Investigation of quantum dots leads to new particles formed by molten droplets
Serendipity proved to be a key ingredient for the latest nanoparticles discovered at Rice University. The new “lava dot” particles were discovered accidentally when researchers stumbled upon a way of using molten droplets of metal salt to make hollow, coated versions of a nanotech staple called quantum dots.
The results appear online this week in the journal Nanotechnology. The researchers also found that lava dots arrange themselves in evenly spaced patterns on flat surfaces, thanks in part to a soft outer coating that can alter its shape when the particles are tightly packed.
“We’re exploring potential of using these particles as catalysts for hydrogen production, as chemical sensors and as components in solar cells, but the main point of this paper is how we make these materials,” said co-author Michael Wong, professor of chemical and biomolecular engineering at Rice. “We came up with this ‘molten-droplet synthesis’ technique and found we can use the same process to make hollow nano-size particles out of several kinds of elements. The upshot is that this discovery is about a whole family of particles rather than one specific composition.”
Like their quantum dot cousins, Rice’s lava dots can be made of semiconductors like cadmium selenide and zinc sulfide.
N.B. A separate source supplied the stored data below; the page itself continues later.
(* Let $r,s,q$ be positive integers. There is a constant $c=c(r,s,q)>0$ such that the following holds. Let $V$ be a set of $N$ vertices and let $\gamma$ be a function assigning to every $r$-element subset $f\subset V$ a vector $\gamma(f)\in\mathbb{R}^s$. Suppose that for every $r$-element subset $f\subset V$ there are at most $q$ $r$-element subsets $f'\subset V$ with $|f\cap f'|=r-1$ such that $|\gamma(f)_i-\gamma(f')_i|<1$ for some $i\in[s]$. Then there is $U\subset V$ with $|U|\ge cN^{1/(2r-1)}$ such that $|\gamma(f)_i-\gamma(f')_i|\ge 1$ for every pair of distinct $r$-element subsets $f,f'\subset U$ and every $i\in[s]$. *)

From HB Require Import structures.
From mathcomp Require Import all_boot all_order all_algebra.
From mathcomp Require Import all_classical all_reals all_analysis.
Set Implicit Arguments. Unset Strict Implicit. Unset Printing Implicit Defensive.
Import Order.TTheory GRing.Theory Num.Theory.
Local Open Scope ring_scope.

(* gamma assigns to each (r-element) subset of V a vector in R^s,
   represented as a function 'I_s -> R. *)

Definition close (R : realType) (V : finType) (s : nat)
  (gamma : {set V} -> 'I_s -> R) (f f' : {set V}) : bool :=
  [exists i : 'I_s, `|gamma f i - gamma f' i| < 1].

Definition close_nbrs (R : realType) (V : finType) (r s : nat)
  (gamma : {set V} -> 'I_s -> R) (f : {set V}) : {set {set V}} :=
  [set f' : {set V} | [&& #|f'| == r, #|f :&: f'| == r.-1 & close gamma f f']].

From Pilot Require Import Defs.
From HB Require Import structures.
From mathcomp Require Import all_boot all_order all_algebra.
From mathcomp Require Import all_classical all_reals all_analysis.
From mathcomp Require Import unstable lra ring zify.
Import Order.TTheory GRing.Theory Num.Theory.
Set Implicit Arguments.
Unset Strict Implicit.
Unset Printing Implicit Defensive.
Local Open Scope ring_scope.

(* Alteration method.  Keep each vertex independently with probability
   p = t / N and call (f, T, v) bad when |f| = r, |T| = r - 1, v lies outside
   f and T, and f is close to v |: T.  Deleting v for every bad triple inside
   the random set S leaves a separated set: if two distinct r-sets f, f' of the
   remainder were close, any v in f' :\: f would give the bad triple
   (f, f' :\ v, v).  For fixed f and T at most s (2q + 2) vertices v make
   (f, T, v) bad: for a fixed coordinate i, the sets v |: T whose i-th value
   lies in [gamma f i, gamma f i + 1) are pairwise close neighbours, so there
   are at most q + 1 of them, and likewise below gamma f i.  Weighting the
   pairs (f, T) by t^-(|f| + |T|) bounds the expected number of bad triples by
   s (2q + 2) p t^(2r-1) (1 + p (2/t + 1/t^2))^N <= s (2q + 2) e^3 t^(2r-1) p,
   which is at most t / 2 = E|S| / 2 when t^(2r-1) = N / (2 s (2q + 2) e^3). *)

Section SetWeight.
Variables (R : comNzRingType) (V : finType).

Lemma sum_set_prod (g : V -> bool -> R) :
  \sum_(S : {set V}) \prod_(v : V) g v (v \in S) =
  \prod_(v : V) (g v true + g v false).
Proof.
under [RHS]eq_bigr => v _ do rewrite -big_bool.
rewrite bigA_distr_bigA (reindex (fun S : {set V} => [ffun v => v \in S])) /=.
  by apply: eq_bigr => S _; apply: eq_bigr => v _; rewrite ffunE.
exists (fun h : {ffun V -> bool} => [set v | h v]) => [S _|h _].
  by apply/setP => v; rewrite inE ffunE.
by apply/ffunP => v; rewrite ffunE inE.
Qed.

Lemma sum_in_natr (A : {set V}) : \sum_(v : V) ((v \in A)%:R : R) = #|A|%:R.
Proof.
by rewrite -sum1_card natr_sum [RHS]big_mkcond; apply: eq_bigr => v _; case: (v \in A).
Qed.

Definition set_weight (p : R) (S : {set V}) : R :=
  \prod_(v : V) (if v \in S then p else 1 - p).

Lemma sum_set_weight_subset (p : R) (W : {set V}) :
  \sum_(S : {set V}) set_weight p S * (W \subset S)%:R = p ^+ #|W|.
Proof.
pose g v (b : bool) := if b then p else if v \in W then 0 else 1 - p.
transitivity (\sum_(S : {set V}) \prod_(v : V) g v (v \in S)).
  apply: eq_bigr => S _; rewrite /set_weight /g.
  have [sWS|/fintype.subsetPn[v vW vS]] := boolP (W \subset S).
    rewrite mulr1; apply: eq_bigr => v _.
    by case: (boolP (v \in W)) => // /(fintype.subsetP sWS) ->.
  by rewrite mulr0 (bigD1 v) //= vW (negbTE vS) mul0r.
rewrite sum_set_prod /g -(prodr_const _ p) [RHS]big_mkcond.
by apply: eq_bigr => v _; case: (v \in W); rewrite ?addr0 // addrC subrK.
Qed.

Lemma sum_set_weight (p : R) : \sum_(S : {set V}) set_weight p S = 1.
Proof.
rewrite -(expr0 p) -(cards0 V) -sum_set_weight_subset.
by apply: eq_bigr => S _; rewrite finset.sub0set mulr1.
Qed.

Lemma sum_set_weight_card (p : R) :
  \sum_(S : {set V}) set_weight p S * #|S|%:R = #|V|%:R * p.
Proof.
under eq_bigr => S _ do rewrite -sum_in_natr mulr_sumr.
rewrite exchange_big /= mulr_natl -sumr_const.
apply: eq_bigr => v _; rewrite -[RHS]expr1 -(cards1 v) -sum_set_weight_subset.
by apply: eq_bigr => S _; rewrite finset.sub1set.
Qed.

Lemma sum_pair_weight (p y : R) :
  \sum_(f : {set V}) \sum_(T : {set V}) y ^+ #|f| * y ^+ #|T| * p ^+ #|f :|: T|
  = (1 + p * (2 * y + y ^+ 2)) ^+ #|V|.
Proof.
pose phi (a b : bool) :=
  (if a then y else 1) * (if b then y else 1) * (if a || b then p else 1).
have prod_if (A : {set V}) x : \prod_(v : V) (if v \in A then x else 1) = x ^+ #|A|.
  by rewrite -big_mkcond prodr_const.
transitivity (\sum_(f : {set V}) \sum_(T : {set V})
                \prod_(v : V) phi (v \in f) (v \in T)).
  apply: eq_bigr => f _; apply: eq_bigr => T _.
  rewrite /phi !big_split /= -!prod_if.
  by congr (_ * _); apply: eq_bigr => v _; rewrite finset.in_setU.
under eq_bigr => f _ do rewrite (sum_set_prod (fun v b => phi (v \in f) b)).
rewrite (sum_set_prod (fun v a => phi a true + phi a false)) prodr_const.
by congr (_ ^+ _); rewrite /phi /=; ring.
Qed.

End SetWeight.

Lemma set_weight_ge0 (R : numDomainType) (V : finType) (p : R) (S : {set V}) :
  0 <= p <= 1 -> 0 <= set_weight p S.
Proof.
by case/andP=> p0 p1; apply: prodr_ge0 => v _; case: ifP; rewrite ?subr_ge0.
Qed.

Lemma exists_ge_average (R : realDomainType) (V : finType) (p : R)
    (Z : {set V} -> R) :
  0 <= p <= 1 -> exists S, \sum_(S' : {set V}) set_weight p S' * Z S' <= Z S.
Proof.
move=> p01; have [S _ maxS] := @arg_maxP _ R {set V} finset.set0 xpredT Z isT.
exists S; rewrite -[leRHS]mul1r -(sum_set_weight V p) mulr_suml.
by apply: ler_sum => S' _; apply: ler_wpM2l; [exact: set_weight_ge0 | exact: maxS].
Qed.

Lemma sum_sized_pairs_le (R : numFieldType) (V : finType) (m n : nat) (p t : R) :
  0 <= p -> 0 < t ->
  \sum_(f : {set V}) \sum_(T : {set V})
     (if (#|f| == m) && (#|T| == n) then p ^+ #|f :|: T| else 0)
  <= t ^+ (m + n) * (1 + p * (2 * t^-1 + t^-1 ^+ 2)) ^+ #|V|.
Proof.
move=> p0 t0; rewrite -sum_pair_weight mulr_sumr; apply: ler_sum => f _.
rewrite mulr_sumr; apply: ler_sum => T _.
have tV0 : 0 <= t^-1 by rewrite invr_ge0 ltW.
case: ifP => [/andP[/eqP-> /eqP->]|_]; last by rewrite !mulr_ge0 ?exprn_ge0 // ltW.
by rewrite mulrA -exprD -exprMn mulfV ?gt_eqF // expr1n mul1r.
Qed.

Lemma exprn_le_expR (R : realType) (z : R) (n : nat) :
  0 <= z -> (1 + z) ^+ n <= expR (n%:R * z).
Proof.
move=> z0; rewrite expRM_natl; apply: lerXn2r; rewrite ?nnegrE ?expR_ge0 //.
- by lra.
- exact: expR_ge1Dx.
Qed.

Lemma pair_weight_pow_le_expR3 (R : realType) (n : nat) (p t : R) :
  0 <= p -> 1 <= t -> n%:R * p = t ->
  (1 + p * (2 * t^-1 + t^-1 ^+ 2)) ^+ n <= expR 3.
Proof.
move=> p0 t1 np; have t0 : 0 < t by lra.
have y0 : 0 <= p * (2 * t^-1 + t^-1 ^+ 2).
  by rewrite mulr_ge0 // addr_ge0 ?exprn_ge0 ?mulr_ge0 ?invr_ge0 //; lra.
apply: le_trans (exprn_le_expR _ y0) _; rewrite ler_expR mulrA np.
have -> : t * (2 * t^-1 + t^-1 ^+ 2) = 2 + t^-1 by field; rewrite gt_eqF.
have : t^-1 <= 1 by rewrite invr_le1 // unitfE gt_eqF.
lra.
Qed.

Section Separation.
Variables (R : realType) (V : finType) (r s q : nat).
Variable gamma : {set V} -> 'I_s -> R.
Hypothesis r_gt0 : (0 < r)%N.
Hypothesis card_close_nbrs_le :
  forall f : {set V}, #|f| = r -> (#|close_nbrs r gamma f| <= q)%N.

Local Notation M := ((s * (2 * q.+1))%:R : R).

Definition separated (U : {set V}) : Prop :=
  forall f f' : {set V}, f \subset U -> f' \subset U ->
    #|f| = r -> #|f'| = r -> f != f' ->
    forall i : 'I_s, 1 <= `|gamma f i - gamma f' i|.

Lemma separated_card_le1 (U : {set V}) : (#|U| <= 1)%N -> separated U.
Proof.
move=> U1 f f' fU f'U cf cf'.
have eqU (g : {set V}) : g \subset U -> #|g| = r -> g = U.
  by move=> gU cg; apply/eqP; rewrite eqEcard gU cg (leq_trans U1).
by rewrite (eqU f fU cf) (eqU f' f'U cf') eqxx.
Qed.

Lemma card_setU1_pred (T : {set V}) (v : V) :
  #|T| = r.-1 -> v \notin T -> #|v |: T| = r.
Proof. by move=> cT vT; rewrite cardsU1 vT cT add1n prednK. Qed.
Wong’s lab has been working steadily to improve the synthesis of quantum dots for more than five years. In 2007, Wong’s team discovered a cleaner and cheaper way to synthesize four-legged quantum dots — particles smaller than a living cell that look like tiny versions of children’s jacks. These “nanojacks,” which are also called quantum tetrapods, can be used to harvest sunlight in a revolutionary new kind of solar panel.
The key step in the 2007 discovery was the use of a surfactant called CTAB. In 2010 Rice graduate student Sravani Gullapalli was attempting to refine the “nanojack” synthesis even further when she discovered lava dots.
“This new chemistry to make the tetrapods was fairly cheap, but we were looking for an even cheaper way,” Wong said. “Sravani said, ‘Let’s get rid of this expensive phosphorus surfactant and just see what happens.’ So she did, and these little things just popped out on the electron microscope screen.”
Wong recalled the team’s initial surprise. “We said, ‘What is going on here? How do you go from four-legged nanojacks to these little balls?'”
He said it took the team more than a year to decipher the unusual formation mechanism that yielded the hollow, soft-shelled particles.
To make the particles, Gullapalli added three kinds of solid powder — cadmium nitrate, selenium and a tiny amount of CTAB — to an oil solvent. She then slowly heated the mixture while stirring. The cadmium nitrate melted first and formed tiny nanodroplets that cannot be seen with the naked eye.
“Nothing happens until the temperature continues to rise and the selenium melts,” Gullapalli said. “The molten selenium then wraps around the cadmium nitrate droplet, and the cadmium nitrate diffuses out and leaves a hole where the droplet once was.”
She said the cadmium selenide shell surrounding the hole is nanocrystalline and is enveloped in a soft outer shell of pure selenium.
When Gullapalli examined the lava dots with a transmission electron microscope, she found them to be bigger than standard quantum dots, about 15-20 nanometers in diameter. The holes were about 4-5 nanometers in diameter. She also noticed something peculiar: When sitting by themselves they appeared round, and when tightly packed, the shell appeared to become compressed, even though neighboring dots never came into actual contact with one another.
“That’s one of the twists to this weird chemistry,” Wong said. “The solvent forms its own surfactant during this process. The surfactant coats the particles and keeps them from touching each other, even when they are tightly packed together.”
Wong’s team later found it could use the molten droplet method to make lava dots out of zinc sulfide, cadmium sulfide and zinc selenide.
“We found that the hollow particles met and even exceeded some performance metrics of quantum dots in a solar-cell test device, and we’re continuing to examine how these might be useful,” Gullapalli said.
Additional co-authors include former Rice undergraduate Jason Grider ’12; Rice graduate student Minjung Cho; former Rice postdoctoral researcher Hitesh Bagaria; Kyu-Sung Lee of Arizona State University; Vicki Colvin, Rice’s vice provost for research and the Kenneth S. Pitzer-Schlumberger Professor of Chemistry; and Ghassan Jabbour, director of the Solar and Alternative Energy Engineering Research Center at Saudi Arabia’s King Abdullah University of Science and Technology.
The research was supported by the Shell Center of Sustainability at Rice University and SABIC Americas.